Why Yahoo's Jerry Yang stepped down

His performance showed that not every start-up whiz can be a turnaround CEO.

Toby Melville/Reuters
Start-up guy? Yahoo cofounder and chief executive officer Jerry Yang at a press conference Nov. 12 in central London.

The rise and fall of Jerry Yang, the departing CEO of Yahoo, captured the imagination of an industry built on just such meteoric climbs and merciless tumbles.

Just 17 months ago, Mr. Yang got a rare second chance as a cofounder of a start-up to take charge again of his creation in its hour of need. For some techies in Silicon Valley, the moment represented a pleasing break from the outside "suits" and "grown-ups" who invariably take over maturing start-ups at the cost of scrappy innovation. It held out the promise of mirroring another triumphant second act, that of Steve Jobs at Apple.

But any honeymoon in the Valley for Yang ended quickly. He came under withering criticism for his handling of a Microsoft takeover, then for losing a partnership with Google. By the time Yang's step-down was announced Monday the only surprise seemed to be that it took the board of directors so long to act.

Wall Street rewarded the move Tuesday, with Yahoo shares rising 11 percent to $11.82 as of press time. Investors apparently felt prospects for a Microsoft buyout have brightened – a point which divides analysts. Despite the darkening horizon for online advertising in a slowdown, many agree the company has plenty of strength left, provided the right leader can be tapped next.

Yang didn't seem to be what Yahoo needed now: A founder's strengths differ from those of a turnaround CEO, analysts say. Few excel at both: Steve Jobs may just be that rare exception.

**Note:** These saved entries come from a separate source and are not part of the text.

(* Let $t\ge 1$ and $c\in\mathbb{Z}$. Then \[ \begin{bmatrix}K;c+2\\ t\end{bmatrix}=(q^t+q^{-t})\begin{bmatrix}K;c+1\\ t\end{bmatrix}-\begin{bmatrix}K;c\\ t\end{bmatrix}+\begin{bmatrix}K;c\\ t-2\end{bmatrix}. \]
   Context: Let $q$ be an indeterminate and work in the Laurent polynomial ring $\mathbb{Q}(q)[K,K^{-1}]$ (the Cartan part of $\mathcal{U}_q(\mathfrak{sl}_2)$). Let $\{n\}_q=\frac{q^n-q^{-n}}{q-q^{-1}}$, $\{n\}_q!=\{n\}_q\cdots\{1\}_q$, $[K;a]=\frac{q^aK-q^{-a}K^{-1}}{q-q^{-1}}$ for $a\in\mathbb{Z}$, and for $c\in\mathbb{Z}$, $t\in\mathbb{N}_0$, $\begin{bmatrix}K;c\\ t\end{bmatrix}=\frac{[K;c][K;c-1]\cdots[K;c-t+1]}{\{t\}_q!}$, with $\begin{bmatrix}K;c\\ 0\end{bmatrix}=1$ and $\begin{bmatrix}K;c\\ t\end{bmatrix}=0$ for $t<0$. *)

From HB Require Import structures.
From mathcomp Require Import all_boot all_order all_algebra fraction.
Set Implicit Arguments. Unset Strict Implicit. Unset Printing Implicit Defensive.
Import Order.TTheory GRing.Theory Num.Theory.
Local Open Scope ring_scope.

Definition Qq : fieldType := {fraction {poly rat}}.
(* Ambient field Q(q)(K), the fraction field of Q(q)[K]; it contains the
   Laurent polynomial ring Q(q)[K,K^-1] as a subring. *)
Definition LK : fieldType := {fraction {poly Qq}}.

Definition q0 : Qq := FracField.tofrac ('X : {poly rat}).
Definition q : LK := FracField.tofrac (q0%:P : {poly Qq}).
Definition K : LK := FracField.tofrac ('X : {poly Qq}).

Definition qint (n : int) : LK := (q ^ n - q ^ (- n)) / (q - q ^ (-1)).
Definition qfact (t : nat) : LK := \prod_(i < t) qint (i.+1)%:Z.
Definition Kbr (a : int) : LK := (q ^ a * K - q ^ (- a) * K ^ (-1)) / (q - q ^ (-1)).
(* [K; c \\ t] for t : int; zero for t < 0, 1 for t = 0 *)
Definition Kbin (c t : int) : LK :=
  if (t < 0) then 0
  else (\prod_(i < `|t|%N) Kbr (c - i%:Z)) / qfact `|t|%N.

From HB Require Import structures.
From mathcomp Require Import all_boot all_order all_algebra fraction.
From mathcomp Require Import ring.
Import Order.TTheory GRing.Theory Num.Theory.
Local Open Scope ring_scope.

(* Write t = n + 2. The three binomials of degree t share the factor
   P = [K;c][K;c-1]...[K;c-n+1], and [K;c choose t-2] = P / {n}_q!. Clearing the
   denominator {t}_q! = {n}_q! {n+1}_q {n+2}_q, the claim becomes the quadratic
   identity between q-brackets
     [K;c+2][K;c+1] = (q^t + q^-t)[K;c+1][K;c-n] - [K;c-n][K;c-n-1] + {n+1}_q {n+2}_q,
   a rational-function identity in q^c, q^n, q and K. For t = 1 the claim is the
   three-term relation [K;c+2] + [K;c] = (q + q^-1)[K;c+1]. *)

Section QuantumBinomial.

Variables (F : fieldType) (q K : F).
Hypotheses (q_neq0 : q != 0) (K_neq0 : K != 0).
Hypothesis q_not_root1 : forall k, (0 < k)%N -> q ^+ k != 1.

(* At [F := LK] these are convertible to [qint], [qfact], [Kbr] and [Kbin]. *)
Definition qint_of (n : int) : F := (q ^ n - q ^ (- n)) / (q - q ^ (-1)).
Definition qfact_of (t : nat) : F := \prod_(i < t) qint_of (i.+1)%:Z.
Definition Kbr_of (a : int) : F := (q ^ a * K - q ^ (- a) * K ^ (-1)) / (q - q ^ (-1)).
Definition Kbin_of (c t : int) : F :=
  if (t < 0) then 0
  else (\prod_(i < `|t|%N) Kbr_of (c - i%:Z)) / qfact_of `|t|%N.

Lemma expq_neq0 (a : int) : q ^ a != 0.
Proof. exact: expfz_neq0. Qed.

Lemma expq_subN_neq0 n : (0 < n)%N -> q ^ n%:Z - q ^ (- n%:Z) != 0.
Proof.
move=> n_gt0; rewrite -invr_expz subr_eq0; apply/eqP => qn_inv.
have /eqP[] : q ^+ (n + n) != 1 by rewrite q_not_root1 ?addn_gt0 ?n_gt0.
by rewrite exprD exprnP {2}qn_inv mulfV ?expq_neq0.
Qed.

Lemma qint_of_neq0 n : (0 < n)%N -> qint_of n%:Z != 0.
Proof.
move=> n_gt0; rewrite mulf_neq0 ?invr_eq0 ?expq_subN_neq0 //.
exact: (@expq_subN_neq0 1).
Qed.

Lemma qfact_ofS n : qfact_of n.+1 = qfact_of n * qint_of n.+1%:Z.
Proof. by rewrite /qfact_of big_ord_recr. Qed.

Lemma qfact_of_neq0 n : qfact_of n != 0.
Proof. by apply/prodf_neq0 => i _; apply: qint_of_neq0. Qed.

Lemma prod_Kbr_of_recl c n :
  \prod_(i < n.+1) Kbr_of (c - i%:Z) = Kbr_of c * \prod_(i < n) Kbr_of (c - 1 - i%:Z).
Proof.
rewrite big_ord_recl subr0; congr (_ * _); apply: eq_bigr => i _.
by rewrite lift0 -addn1 PoszD opprD addrA addrAC.
Qed.

Lemma Kbr_of_three_term a :
  Kbr_of (a + 2) = (q ^ 1%:Z + q ^ (- 1%:Z)) * Kbr_of (a + 1) - Kbr_of a.
Proof.
rewrite /Kbr_of !opprD !expfzDr // -!invr_expz !expr1z.
field; by rewrite q_neq0 K_neq0 expq_neq0 subr_eq0 -expr2 (@q_not_root1 2).
Qed.

Lemma Kbr_of_quadratic a b :
  Kbr_of (a + 1) * Kbr_of a =
    (q ^ (a - b + 1) + q ^ (- (a - b + 1))) * Kbr_of a * Kbr_of b
    - Kbr_of b * Kbr_of (b - 1) + qint_of (a - b) * qint_of (a - b + 1).
Proof.
rewrite /Kbr_of /qint_of !opprD !opprK !expfzDr // -!invr_expz !expr1z.
have qa_neq0 := expq_neq0 a; have qb_neq0 := expq_neq0 b.
field; by rewrite q_neq0 K_neq0 qa_neq0 qb_neq0 subr_eq0 -expr2 (@q_not_root1 2).
Qed.

Lemma Kbin_of_recurrence (t : nat) (c : int) :
  (1 <= t)%N ->
  Kbin_of (c + 2) t%:Z =
    (q ^ t%:Z + q ^ (- t%:Z)) * Kbin_of (c + 1) t%:Z - Kbin_of c t%:Z + Kbin_of c (t%:Z - 2).
Proof.
case: t => [|[|n]] // _.
  by rewrite /Kbin_of /= !big_ord1 !subr0 Kbr_of_three_term; ring.
have -> : n.+2%:Z - 2 = n by rewrite -addn2 PoszD addrK.
rewrite /Kbin_of /=; set P := \prod_(i < n) Kbr_of (c - i%:Z).
have c21 : c + 2 - 1 = c + 1 by rewrite -addrA.
have c10 : c + 1 - 1 = c by rewrite addrK.
have top : \prod_(i < n.+2) Kbr_of (c + 2 - i%:Z) = Kbr_of (c + 2) * Kbr_of (c + 1) * P.
  by rewrite !prod_Kbr_of_recl c21 c10 mulrA.
have mid : \prod_(i < n.+2) Kbr_of (c + 1 - i%:Z) = Kbr_of (c + 1) * P * Kbr_of (c - n%:Z).
  by rewrite prod_Kbr_of_recl c10 big_ord_recr mulrA.
have bot : \prod_(i < n.+2) Kbr_of (c - i%:Z) = P * Kbr_of (c - n%:Z) * Kbr_of (c - n.+1%:Z).
  by rewrite !big_ord_recr.
have gap : c + 1 - (c - n%:Z) = n.+1%:Z by rewrite -addn1 PoszD; ring.
have := Kbr_of_quadratic (c + 1) (c - n%:Z).
have pred : c - n%:Z - 1 = c - n.+1%:Z by rewrite -addn1 PoszD opprD addrA.
rewrite gap pred -addrA -!PoszD !addn1 => quad.
rewrite top mid bot !qfact_ofS quad.
have fact_neq0 := qfact_of_neq0 n.
have int1_neq0 := @qint_of_neq0 n.+1 isT; have int2_neq0 := @qint_of_neq0 n.+2 isT.
by field; rewrite fact_neq0 int1_neq0 int2_neq0.
Qed.

End QuantumBinomial.

Lemma q_neq0 : q != 0.
Proof. by rewrite tofrac_eq0 polyC_eq0 tofrac_eq0 polyX_eq0. Qed.

Lemma K_neq0 : K != 0.
Proof. by rewrite tofrac_eq0 polyX_eq0. Qed.

Lemma q_not_root1 k : (0 < k)%N -> q ^+ k != 1.
Proof.
move=> k_gt0; rewrite -tofracXn -polyC_exp -tofrac1 tofrac_eq -polyC1 (inj_eq polyC_inj).
rewrite -tofracXn -tofrac1 tofrac_eq; apply/eqP => Xk_eq1.
by have := size_polyXn rat k; rewrite Xk_eq1 size_poly1; case: k k_gt0 {Xk_eq1}.
Qed.

Theorem proposition6p1 (t : nat) (c : int) :
  (1 <= t)%N ->
  Kbin (c + 2) t%:Z =
    (q ^ t%:Z + q ^ (- t%:Z)) * Kbin (c + 1) t%:Z - Kbin c t%:Z + Kbin c (t%:Z - 2).
Proof. exact: Kbin_of_recurrence q_neq0 K_neq0 q_not_root1 t c. Qed.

"There are three different skill-sets needed to run a company," says Rob Enderle, principal analyst at Emerging Personal Technologies in San Jose, Calif. There are start-up leaders, transitional leaders, and sustaining managers. "Jerry was a start-up guy. He wasn't a transitional [figure] and certainly not a turnaround guy. He didn't have the demeanor, personality, or drive."

Not another Steve Jobs

Unlike Yang, who settled fairly early into a strategist role in Yahoo, Mr. Jobs was fired from Apple and spent time heading a couple of firms – NeXT and Pixar – before returning. He experienced "near failure" with both endeavors and learned from those mistakes, says Mr. Enderle. Jobs also had years on the outside to plot what he would do differently at Apple if he ever returned.

Yang is widely described as affable, whereas Jobs can inspire fear. "He is a harsh and dictatorial leader," says Enderle. "That's kind of what you need to have with somebody who is running a turnaround. Once you decide the direction you need to go, everyone needs to stand up and go with you."

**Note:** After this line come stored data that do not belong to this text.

(* Let $\mathbb{M}^3$ be Minkowski 3-space with inner product $\langle x,y\rangle_{\mathbb{L}}=-x_1y_1+x_2y_2+x_3y_3$. Let $\sigma=\sigma(u,v)$ be a smooth surface in $\mathbb{M}^3$ and let $\{t,n,b\}$ be smooth pairwise orthogonal vector fields along $\sigma$ with $\langle t,t\rangle_{\mathbb{L}}=-1$, $\langle n,n\rangle_{\mathbb{L}}=1$, $\langle b,b\rangle_{\mathbb{L}}=1$, such that $\sigma_u=t$, $\sigma_v=\lambda b$ for a nowhere-vanishing function $\lambda$, and $$t_u=\kappa n,\qquad n_u=\kappa t-\tau b,\qquad b_u=\tau n$$ for functions $\kappa,\tau$ (so each $u$-curve is a unit-speed timelike geodesic of $\sigma$ with curvature $\kappa$ and torsion $\tau$). Assume there are constants $A,B$ with $B^2>A^2$ and $A\kappa+B\tau=1$, and that $\tau$ vanishes nowhere. Define $$\sigma^*(u,v)=\sigma(u,v)-A\,n(u,v),\qquad t^*=\frac{Bt+Ab}{\sqrt{B^2-A^2}},\qquad b^*=\frac{-At+Bb}{\sqrt{B^2-A^2}},$$ and along each $u$-curve let $u^*$ be a parameter with $du^*/du=\sqrt{B^2-A^2}\,\tau$. Then: (1) $\sigma^*_u=\tau(Bt+Ab)$, so $t^*=\partial\sigma^*/\partial u^*$ is a unit timelike vector, and $n$ is orthogonal to both $\sigma^*_u$ and $\sigma^*_v$; (2) $\|\sigma-\sigma^*\|=\sqrt{|\langle \sigma-\sigma^*,\sigma-\sigma^*\rangle_{\mathbb{L}}|}$ is constant, $\langle\sigma^*-\sigma,b\rangle_{\mathbb{L}}=0$, $\langle\sigma^*-\sigma,b^*\rangle_{\mathbb{L}}=0$, and $\langle b,b^*\rangle_{\mathbb{L}}$ is constant; (3) $\partial t^*/\partial u^*=\kappa^* n$ and $\partial b^*/\partial u^*=\tau^* n$, where $$\kappa^*=\frac{B\kappa+A\tau}{(B^2-A^2)\tau},\qquad \tau^*=\frac{B\tau-A\kappa}{(B^2-A^2)\tau}.$$
   Context: A vector $x\in\mathbb{M}^3$ is spacelike if $\langle x,x\rangle_{\mathbb{L}}>0$ or $x=0$, timelike if $\langle x,x\rangle_{\mathbb{L}}<0$. A surface spanned by a one-parameter family of geodesic Bertrand curves with constants $A,B$ ($A\kappa+B\tau=1$) is called a Razzaboni surface; the map $\sigma\mapsto\sigma^*$ satisfying properties (2) is called a Razzaboni transformation and $\sigma^*$ the dual Razzaboni surface. *)

From Stdlib Require Import Reals List.
From Coquelicot Require Import Coquelicot.
Open Scope R_scope.

Definition V3 : Type := (R * R * R)%type.
Definition c1 (x : V3) : R := fst (fst x).
Definition c2 (x : V3) : R := snd (fst x).
Definition c3 (x : V3) : R := snd x.
Definition mkV (a b c : R) : V3 := (a, b, c).

Definition vadd (x y : V3) : V3 := mkV (c1 x + c1 y) (c2 x + c2 y) (c3 x + c3 y).
Definition vscal (k : R) (x : V3) : V3 := mkV (k * c1 x) (k * c2 x) (k * c3 x).
Definition vsub (x y : V3) : V3 := vadd x (vscal (-1) y).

Another difference: Yang seemed to cling to visions of Yahoo as it was in its heyday, whereas Jobs decided to upend the Apple cart.

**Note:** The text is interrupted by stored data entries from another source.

(* Splitting the first-hit paths after their first
   step gives Bellman equations for the probability reach sg of visiting T and for
   the expected reward value sg, and value sg s is finite exactly when reach sg s = 1.
   The engine of the proof is a discrete maximum principle: if f is sub-harmonic for
   sg at the points where it attains its maximum m, the level set {f = m} is closed
   under sg-successors, and a closed set avoiding T is never left, so reach sg = 0
   on it.  It yields two facts.  First, a non-negative fixed point y of ~E^max bounds
   value sg for every sg: on {y < oo} the minimal reach probability is positive, so
   sg reaches T almost surely there, and y is a supersolution.  Second, a strategy
   sgm whose value vector is maximal among the finitely many strategies is a fixed
   point: where Pr^min = 0 its value is +oo (otherwise playing a minimising strategy
   on the zero set of its reach probability would dominate it), and elsewhere it
   satisfies the E^max equation (otherwise a one-state switch would improve it, by
   the comparison principle value_ge_subsolution).  Hence E^max = value sgm is the
   least fixed point. *)

From HB Require Import structures.
From mathcomp Require Import all_boot all_order all_algebra.
From mathcomp Require Import all_classical all_reals all_analysis.
From mathcomp Require Import ring lra.
Import Order.TTheory GRing.Theory Num.Theory.
Set Implicit Arguments.
Unset Strict Implicit.
Unset Printing Implicit Defensive.
Local Open Scope classical_set_scope.
Local Open Scope ring_scope.

Lemma mean_ge_ub_eq (R : numDomainType) (I : finType) (D : pred I) (w f : I -> R) (m : R) :
  (forall i, D i -> 0 < w i) -> \sum_(i | D i) w i = 1 ->
  (forall i, D i -> f i <= m) -> m <= \sum_(i | D i) w i * f i ->
  forall i, D i -> f i = m.
Proof.
move=> w_gt0 w_sum1 f_le_m m_le_mean.
have gap_ge0 i : D i -> 0 <= w i * (m - f i).
  by move=> Di; rewrite mulr_ge0 ?subr_ge0 ?f_le_m // ltW ?w_gt0.
have gap_sum0 : \sum_(i | D i) w i * (m - f i) = 0.
  apply/eqP; rewrite eq_le sumr_ge0 // andbT.
  under eq_bigr => i _ do rewrite mulrBr.
  by rewrite sumrB -big_distrl /= w_sum1 mul1r subr_le0.
move=> i Di; have /eqP := psumr_eq0P gap_ge0 gap_sum0 Di.
by rewrite mulf_eq0 subr_eq0 gt_eqF ?w_gt0 //= => /eqP.
Qed.

Lemma exists_maximal (I : finType) (D : pred I) (le : rel I) (i0 : I) :
  reflexive le -> transitive le -> D i0 ->
  exists2 i, D i & forall j, D j -> le i j -> le j i.
Proof.
move=> le_refl' le_trans' Di0.
pose below i := [pred k | D k & le k i].
case: (arg_maxnP (fun i => #|below i|) Di0) => i Di i_max.
exists i => // j Dj le_ij; apply/negPn/negP => not_le_ji.
suff : (#|below i| < #|below j|)%N by apply/negP; rewrite -leqNgt; exact: i_max.
apply: proper_card; apply/properP; split.
  apply/fintype.subsetP => k; rewrite !inE => /andP[Dk le_ki].
  by rewrite Dk (le_trans' _ _ _ le_ki le_ij).
by exists j; rewrite !inE Dj ?le_refl' // not_le_ji.
Qed.

Section MDP.
Variables (R : realType) (S A : finType) (P : S -> A -> S -> R).
Variables (T : {set S}) (rew : S -> R).
Hypothesis mdpP : is_mdp P.
Hypothesis rew_ge0 : forall s, 0 <= rew s.

Local Notation value := (ExpRew P T rew).

Lemma P_ge0 s a t : 0 <= P s a t.
Proof. by case: mdpP => P01 _ _; case/andP: (P01 s a t). Qed.

Lemma P_eq0 s a t : t \notin Post P s a -> P s a t = 0.
Proof. by rewrite inE -leNgt => P_le0; apply/eqP; rewrite eq_le P_le0 P_ge0. Qed.

Lemma sum_Post s a (F : S -> R) :
  \sum_t P s a t * F t = \sum_(t in Post P s a) P s a t * F t.
Proof.
rewrite [RHS]big_mkcond /=; apply: eq_bigr => t _.
by case: ifP => // /negbT/P_eq0 ->; rewrite mul0r.
Qed.

Lemma esum_Post s a (F : S -> \bar R) :
  (\sum_t (P s a t)%:E * F t = \sum_(t in Post P s a) (P s a t)%:E * F t)%E.
Proof.
rewrite [RHS]big_mkcond /=; apply: eq_bigr => t _.
by case: ifP => // /negbT/P_eq0 ->; rewrite mul0e.
Qed.

Lemma sum_Post_Act s a : a \in Act P s -> \sum_(t in Post P s a) P s a t = 1.
Proof.
rewrite inE => /eqP <-; rewrite [LHS]big_mkcond /=; apply: eq_bigr => t _.
by case: ifP => // /negbT/P_eq0 ->.
Qed.

Lemma Post_gt0 s a t : t \in Post P s a -> 0 < P s a t.
Proof. by rewrite inE. Qed.

Lemma Post_mean_ge_ub_eq s a (f : S -> R) (m : R) : a \in Act P s ->
  (forall t, t \in Post P s a -> f t <= m) ->
  m <= \sum_(t in Post P s a) P s a t * f t ->
  forall t, t \in Post P s a -> f t = m.
Proof. by move=> aA; apply: mean_ge_ub_eq; [apply: Post_gt0 | apply: sum_Post_Act]. Qed.

Lemma esum_Post_eqy s a (x : S -> \bar R) t : (forall u, (0 <= x u)%E) ->
  t \in Post P s a -> x t = +oo%E ->
  (\sum_(u in Post P s a) (P s a u)%:E * x u)%E = +oo%E.
Proof.
move=> x_ge0 st xt; apply/eqP; rewrite esum_eqy => [|u _].
  by apply/existsP; exists t; rewrite st xt gt0_muley ?lte_fin ?Post_gt0.
by rewrite gt_eqF // (lt_le_trans ltNy0) // mule_ge0 ?lee_fin ?P_ge0.
Qed.

Lemma exists_strat : exists sg, is_strat P sg.
Proof.
case: mdpP => _ _ /choice[f fP].
by exists [ffun s => f s]; apply/forallP => s; rewrite ffunE inE fP.
Qed.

"Jobs' success at Apple has been predicated on his willingness to utterly discard what the company was before, during the time when his star was in ascendancy," says Charles King, principal analyst at Pund-IT. Once an also-ran competitor to Windows, Apple is now a consumer electronics company that has scrubbed "computer" from its moniker. "I think Yang was in a way trying to recapture some of Yahoo's glory days."

The failed Microsoft deal

Most observers fault Yang for his failed negotiations with Microsoft. The Seattle software giant placed multiple bids to acquire Yahoo, hoping to emerge in a more competitive position vis-à-vis Google in the online advertising market.

"[Yang] kept saying we should get more money, we should get more money, and [he was] not realizing how precarious their position was," says Enderle.

Others have attributed that blind spot to the founder's sentimental and dated view of Yahoo as a fast-rising company. Yang's negotiating behavior at times suggested he wasn't interested in bargaining as much as playing the role of renegade start-up. Yahoo executives reportedly high-fived when negotiations collapsed.

Investors, led by now-board member Carl Icahn, reminded Yang of his fiduciary responsibility to them to maximize returns. They pressured Yang to show how he would raise the company's falling stock price to the level offered by Microsoft.

Yang then struck a deal with Google to allow the industry leader to serve ads on Yahoo's network in exchange for a share of revenue. When anti-trust regulators began to raise eyebrows, Google backed out. Yang's critics fault him for not trying harder to salvage that deal.

Both Enderle and Mr. King doubt Microsoft will return for a deal. Members of the team pushing for the takeover have left Microsoft, says Enderle. Adds King, "My own sense is they've moved on and there are other things on the table, other plans they've got. But never say never in the IT world."